Initiative. A Londres, on fait pousser les légumes en hydroponie, dans un abri anti-aérien
Steven Dring, l'un des deux fondateurs du projet « Growing underground » dans la ferme souterraine de Clapham, à Londres. Photo AFP
Transformer les abris anti-aériens en jardins et y faire pousser des fruits et des légumes ? En voilà une bel exemple de recyclage 100% positif ! La bonne idée, ce sont nos amis anglais (sauf au rugby mais ça, c'est une autre histoire) qui l'ont eue. Le quartier londonien de Clapham a ainsi transformé un abri anti-aérien de 10 000 m2, datant de la Seconde Guerre mondiale, en un potager où poussent, à 33 mètres de profondeur, roquette et petits pois, à grand renfort de lumière artificielle. Nom de code du projet : « Growing underground ».
L’abri qui, lors des bombardements allemands, pouvait accueillir jusqu’à 8 000 personnes, est composé de deux larges tunnels semblables à ceux du métro. Une similitude qui ne doit rien au hasard puisqu’il aurait dû, après la guerre, permettre l’expansion de la ligne de métro « Northern » qui relie le nord de la ville au sud, où se trouve Clapham. Concrètement, les couchettes qui accueillait autrefois les habitants durant les bombardements, ont été remplacées par des étagères remplies de plateaux sur lesquelles poussent aussi de la moutarde brune, de la coriandre, des brocolis… Et voilà comment, depuis 2015, l'odeur de buis typique des potagers se dégage de ce jardin souterrain, pour l’instant le seul du genre au Royaume-Uni.
Hydroponie
L'idée des deux fondateurs de cette ferme urbaine nouvelle génération, Steven Dring et son partenaire Richard Ballard, est de créer de nouveaux espaces cultivables urbains pour pouvoir faire face à l’augmentation de la démographie mondiale. Elle fonctionne selon la technique de l’hydroponie, soit la culture sur un substrat neutre et inerte (de type sable, pouzzolane ou encore billes d’argile). Ce substrat est régulièrement irrigué par une solution qui apporte des sels minéraux et des nutriments essentiels aux plantes.
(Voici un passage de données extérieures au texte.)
(* The reverse inequality comes from the conjugate t |-> - f (- t) on - s. *)
Lemma increasing_stable_fixed (f : R -> R) (s : seq R) :
  (forall x y, x < y -> f x < f y) -> (forall x, x \in s -> f x \in s) ->
  forall x, x \in s -> f x = x.
Proof.
move=> incr fs x xs; apply: Rle_antisym; last exact: increasing_stable_le incr fs x xs.
have incr' t t' : t < t' -> - f (- t) < - f (- t').
  by move=> tt'; apply: Ropp_lt_contravar; apply: incr; lra.
have fs' t : t \in map Ropp s -> - f (- t) \in map Ropp s.
  by move=> /mapP [{}t ts ->]; rewrite Ropp_involutive; apply: map_f; exact: fs.
have := increasing_stable_le incr' fs' (map_f Ropp xs).
by rewrite Ropp_involutive; lra.
Qed.

Lemma autR_move_near (s : seq R) a c e : 0 < e ->
  (forall x, x \in s -> x < Rmin a c \/ Rmax a c < x) ->
  exists2 q : autR, pstab [set` a :: s] q & a - e < autR_fun q c < a + e.
Proof.
move=> e0 sep.
have c_s : c \notin s.
  by apply/negP => /sep; have := Rmin_r a c; have := Rmax_r a c; lra.
have [d d0 hd] := seq_avoids_ball c_s.
case: (Rtotal_order a c) => [ac | [<- | ca]].
- have [m m0 [me mc]] : exists2 m, 0 < m & m <= e /\ m <= c - a.
    by exists (Rmin e (c - a)); [apply: Rmin_pos; lra | split; [apply: Rmin_l | apply: Rmin_r]].
  have [q qc qout] := @autR_bump a (c + d) c (a + m / 2) ltac:(lra) ltac:(lra).
  exists q; last by rewrite qc; lra.
  move=> x /=; rewrite in_cons => /orP [/eqP -> | xs]; apply: qout; first by left; lra.
  by move: (hd x xs) (sep x xs) => /=; rewrite Rmin_left ?Rmax_right; lra.
- by exists autR_one => //=; lra.
- have [m m0 [me mc]] : exists2 m, 0 < m & m <= e /\ m <= a - c.
    by exists (Rmin e (a - c)); [apply: Rmin_pos; lra | split; [apply: Rmin_l | apply: Rmin_r]].
  have [q qc qout] := @autR_bump (c - d) a c (a - m / 2) ltac:(lra) ltac:(lra).
  exists q; last by rewrite qc; lra.
  move=> x /=; rewrite in_cons => /orP [/eqP -> | xs]; apply: qout; first by right; lra.
  by move: (hd x xs) (sep x xs) => /=; rewrite Rmin_right ?Rmax_left; lra.
Qed.

(* For c = f a: q in G_A moves c to within d of a, p in G_B moves it back to a,
   and both fix A \ {a}, so p q f lies in G_A. *)
Lemma pstab_remove (K : set autR) (A B : seq R) a :
  is_subgroup autR_mul autR_inv autR_one K ->
  pstab [set` A] `<=` K -> pstab [set` B] `<=` K -> a \notin B ->
  pstab [set` [seq x <- A | x != a]] `<=` K.
Proof.
move=> [_ KM KV] KA KB aB f fA'.
set A' := [seq x <- A | x != a] in fA' *; set c := autR_fun f a.
have sep x : x \in A' -> x < Rmin a c \/ Rmax a c < x.
  move=> xA'; have fx := fA' x xA'.
  have /eqP xa : x != a by move: xA'; rewrite mem_filter => /andP [].
  case: (Rtotal_order x a) => [lt_xa | [// | lt_ax]].
    by left; apply: Rmin_glb_lt => //; move/(autR_lt f): lt_xa; rewrite fx.
  by right; apply: Rmax_lub_lt => //; move/(autR_lt f): lt_ax; rewrite fx.
have [e e0 eB] := seq_avoids_ball aB.
have [e' e'0 eA'] : exists2 e', 0 < e' & forall x, x \in A' -> x <= a - e' \/ a + e' <= x.
  by apply: seq_avoids_ball; rewrite mem_filter eqxx.
have := Rmin_l e e'; have := Rmin_r e e'; have := Rmin_pos e e' e0 e'0.
set d := Rmin e e' => d0 de' de.
have [q qA qc] := autR_move_near d0 sep.
have [p pqc pout] := @autR_bump (a - d) (a + d) (autR_fun q c) a qc ltac:(lra).
have Kq : K q.
  by apply: KA => x /= xA; apply: qA; rewrite /= in_cons mem_filter xA andbT orbN.
have Kp : K p by apply: KB => x /= /eB xB; apply: pout => /=; lra.
have Kpqf : K (autR_mul p (autR_mul q f)).
  apply: KA => x /= xA; case: (eqVneq x a) => [-> // | xa].
  have xA' : x \in A' by rewrite mem_filter xa.
  rewrite fA' // qA /= ?in_cons ?xA' ?orbT //.
  by apply: pout => /=; have := eA' x xA'; lra.
have -> : f = autR_mul (autR_inv q) (autR_mul (autR_inv p) (autR_mul p (autR_mul q f))).
  by apply: autR_ext => x /=; rewrite !autR_funK.
exact: KM (KV _ Kq) (KM _ _ (KV _ Kp) Kpqf).
Qed.

(* Induction on #A: either g moves some a of A out of A, and then A shrinks, or
   gA = A and g fixes A pointwise. *)
Lemma pstab_normalizer (K : set autR) (g : autR) (s : seq R) :
  is_subgroup autR_mul autR_inv autR_one K -> pstab [set` s] `<=` K ->
  (forall k, K k -> K (autR_mul g (autR_mul k (autR_inv g)))) -> K g.
Proof.
move=> subK + normK; have [n] := ubnP (size s); elim: n s => // n IHn s.
rewrite ltnS => sz_s Ks.
have Kgs : pstab [set` map (autR_fun g) s] `<=` K.
  move=> p ps.
  have -> : p = autR_mul g (autR_mul (autR_mul (autR_inv g) (autR_mul p g)) (autR_inv g)).
    by apply: autR_ext => x /=; rewrite !autR_invfK.
  apply/normK/Ks => x /= xs; rewrite ps ?autR_funK //.
  exact: map_f.
case: (boolP (all (fun x => x \in map (autR_fun g) s) s)) => [/allP sgs | /allPn [a as_ ag]].
  apply: Ks => x /= xs.
  have ginv_s y : y \in s -> autR_invf g y \in s.
    by move=> /sgs /mapP [y' y's ->]; rewrite autR_funK.
  have e := increasing_stable_fixed (@autR_invf_incr g) ginv_s xs.
  by rewrite -{1}e autR_invfK.
apply: (IHn [seq x <- s | x != a]); last exact: pstab_remove subK Ks Kgs ag.
apply: (leq_trans _ sz_s); rewrite size_filter -(count_predC (fun x => x != a) s).
rewrite -{1}[count _ s]addn0 ltn_add2l -has_count.
by apply/hasP; exists a => //=; rewrite eqxx.
Qed.

Lemma open_pstab (K : set autR) : open K -> K autR_one ->
  exists s : seq R, pstab [set` s] `<=` K.
Proof.
move=> oK K1; have /(_ autR_one K1) [F /finite_seqP [s ->] FK] : autR_open K := oK.
by exists s => h /FK; rewrite (_ : autR_mul autR_one h = h) //; exact: autR_ext.
Qed.

Lemma autR_self_normalizing (U : set autR) (g : autR) :
  open_subgroup autR_mul autR_inv autR_one U ->
  (forall k, U k -> U (autR_mul g (autR_mul k (autR_inv g)))) -> U g.
Proof.
move=> [[U1 UM UV] oU] normU; have [s sU] := open_pstab oU U1.
exact: pstab_normalizer (And3 U1 UM UV) sU normU.
Qed.

Theorem proposition5p13 : is_split autR_mul autR_one.
Proof. exact: self_normalizing_split autR_group autR_self_normalizing. Qed.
Microverdures goûteuses et locales
Avec ses lampes LED roses enroulées autour des plantes, dont l’intensité varie pour coller aux périodes de la journée, ce tunnel a des airs futuristes. Ce n’est qu’à la nuit tombée que ces LED imitent la lumière du jour car l’électricité y est moins chère. On cultive dans ce jardin d'un nouveau genre en majorité de la microverdure. Les producteurs ne laissent croître les cultures qu’un peu, jusqu’à ce qu’apparaissent les premières feuilles qui sont très goûteuses. Les pousses, qui mettent plusieurs jours à éclore, sont ensuite emballées dans l’abri puis livrées aux clients des restaurants ou les supermarchés Marks&Spencer, qui se montrent plutôt satisfaits du résultat. Sans compter la satisfaction de consommer local.
« L'agriculture verticale » contre le changement climatique
« Growing underground » s'est engouffré dans une tendance qui essaime dans toutes les grandes métropoles du monde, celle de « l’agriculture verticale ». Ce concept a été popularisé par le microbiologiste américain Dickson Despommier, selon qui ce type de fermes économes en eau et en engrais va s’imposer au cours du XXIe siècle, où la population urbaine va encore augmenter. L’agriculture verticale urbaine, qui permet aussi de cultiver des légumes ou des fruits plus gros, se veut également une piste pour affronter le changement climatique. Le centre d’agriculture urbaine de l’université de Nottingham (nord-est de l’Angleterre) énumère sur son site internet les avantages de ce mode de production : « création d’emplois », « réduction des coûts liés au transport », « baisse de la pollution » ou encore « réduction de l’utilisation de l’eau grâce à un système fermé ». Propriétaire de l’abri anti-aérien, qui était à l’abandon depuis 70 ans, l’organisme en charge du transport public dans la capitale britannique (TfL) permet en outre un loyer modéré, 100 fois moins cher qu’une ferme urbaine en surface.
Température idéale 365 jours par an
Autre avantage majeur, notamment en Angleterre : fini les aléas liés à la météo. Avec ce nouveau type de potager, il peut faire beau et chaud tous les jours. Résultat, alors que dans une serre, l’hiver, il faut 25 jours pour faire pousser de la moutarde brune, ici, en faut 10, selon les exploitants de cette ferme utra-durable. Cerise sur le gâteau, « Growing Underground » envoie par ailleurs toutes les données qu’elle collecte à l’université de Cambridge, qui entend créer des modèles afin de déterminer la température idéale pour chaque aliment et optimiser la production.
Prochain défi majeur pour les fondateurs de « Growing underground » : construire une véritable ferme sous Londres. A suivre.